(* Let $A\in\mathbb{R}^{n\times d}$, $b\in\mathbb{R}^n$, and suppose $Ax=b$ admits a solution $x^*$. Let $\lbrace W_1,\ldots,W_N\rbrace\subset\mathbb{R}^n$ and let $w$ be a random variable with $\mathbb{P}[w=W_j]>0$ for $j=1,\ldots,N$ and $\sum_j\mathbb{P}[w=W_j]=1$. Let $\lbrace w_\ell:\ell\geq0\rbrace$ be sampled from $\lbrace W_1,\ldots,W_N\rbrace$ without replacement, the set being repopulated with its original elements once exhausted and sampling without replacement repeated. Let $\mathcal{N}(w) = \mathrm{span}\lbrace z\in\mathbb{R}^d:\mathbb{P}[z'A'w=0]=1\rbrace$, $\mathcal{R}(w) = \mathcal{N}(w)^\perp$; let $x_0\in\mathbb{R}^d$ be arbitrary and $x_{k+1} = x_k + A'w_kw_k'(b-Ax_k)/\|A'w_k\|_2^2$. Define $\tau_0=0$, $\tau_1=\min\lbrace k\geq0:\mathrm{span}\lbrace A'w_0,\ldots,A'w_k\rbrace=\mathcal{R}(w)\rbrace$, and for $\ell\geq2$, $\tau_\ell=\min\lbrace k>\tau_{\ell-1}:\mathrm{span}\lbrace A'w_{\tau_{\ell-1}+1},\ldots,A'w_k\rbrace=\mathcal{R}(w)\rbrace$ if $\tau_{\ell-1}<\infty$, else $\infty$; let $\mathcal{F}_\ell$ be the set of matrices whose columns form a maximal linearly independent subset of $\lbrace A'w_{\tau_{\ell-1}+1}/\|A'w_{\tau_{\ell-1}+1}\|_2,\ldots,A'w_{\tau_\ell}/\|A'w_{\tau_\ell}\|_2\rbrace$ and $\gamma_\ell = 1-\min_{F\in\mathcal{F}_\ell}\det(F'F)$. Then (1) $\tau_\ell - \tau_{\ell-1}\leq 2N$ for all $\ell\in\mathbb{N}$, and (2) $\lim_{\ell\to\infty}\prod_{j=1}^\ell\gamma_j = 0$. Moreover, the $\gamma_j$ are uniformly bounded by some $\gamma\in[0,1)$ that depends on $\lbrace A'W_1,\ldots,A'W_N\rbrace$, and therefore, with probability one, $$\|x_{2N\ell} - x^* - P_{\mathcal{N}(w)}(x_0-x^* )\|_2^2 \leq \gamma^\ell\|P_{\mathcal{R}(w)}(x_0-x^* )\|_2^2.$$
   Context: $P_W$ is orthogonal projection onto $W$; $A'$ is the transpose. The iteration presupposes $A'w_k\neq0$. *)

From HB Require Import structures.
From mathcomp Require Import all_boot all_order all_algebra.
From mathcomp Require Import all_classical all_reals all_analysis.
Set Implicit Arguments. Unset Strict Implicit. Unset Printing Implicit Defensive.
Import Order.TTheory GRing.Theory Num.Theory.
Local Open Scope ring_scope.
Local Open Scope classical_set_scope.

Definition sqnorm (R : realType) (m : nat) (v : 'cV[R]_m) : R :=
  \sum_(i < m) v i 0 ^+ 2.
Definition norm2 (R : realType) (m : nat) (v : 'cV[R]_m) : R :=
  Num.sqrt (sqnorm v).

Definition spanset (R : realType) (d : nat) (S : set 'cV[R]_d) : set 'cV[R]_d :=
  [set x | forall M : 'M[R]_d, (forall z, S z -> (z^T <= M)%MS) -> (x^T <= M)%MS].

========================================

| WORK ITEM |
Only the lines from the one containing "Context: $P_W$ is" through the last line of the records belong in the answer, each written out exactly.

| RESULT FOR THIS TASK |
   Context: $P_W$ is orthogonal projection onto $W$; $A'$ is the transpose. The iteration presupposes $A'w_k\neq0$. *)

From HB Require Import structures.
From mathcomp Require Import all_boot all_order all_algebra.
From mathcomp Require Import all_classical all_reals all_analysis.
Set Implicit Arguments. Unset Strict Implicit. Unset Printing Implicit Defensive.
Import Order.TTheory GRing.Theory Num.Theory.
Local Open Scope ring_scope.
Local Open Scope classical_set_scope.

Definition sqnorm (R : realType) (m : nat) (v : 'cV[R]_m) : R :=
  \sum_(i < m) v i 0 ^+ 2.
Definition norm2 (R : realType) (m : nat) (v : 'cV[R]_m) : R :=
  Num.sqrt (sqnorm v).

Definition spanset (R : realType) (d : nat) (S : set 'cV[R]_d) : set 'cV[R]_d :=
  [set x | forall M : 'M[R]_d, (forall z, S z -> (z^T <= M)%MS) -> (x^T <= M)%MS].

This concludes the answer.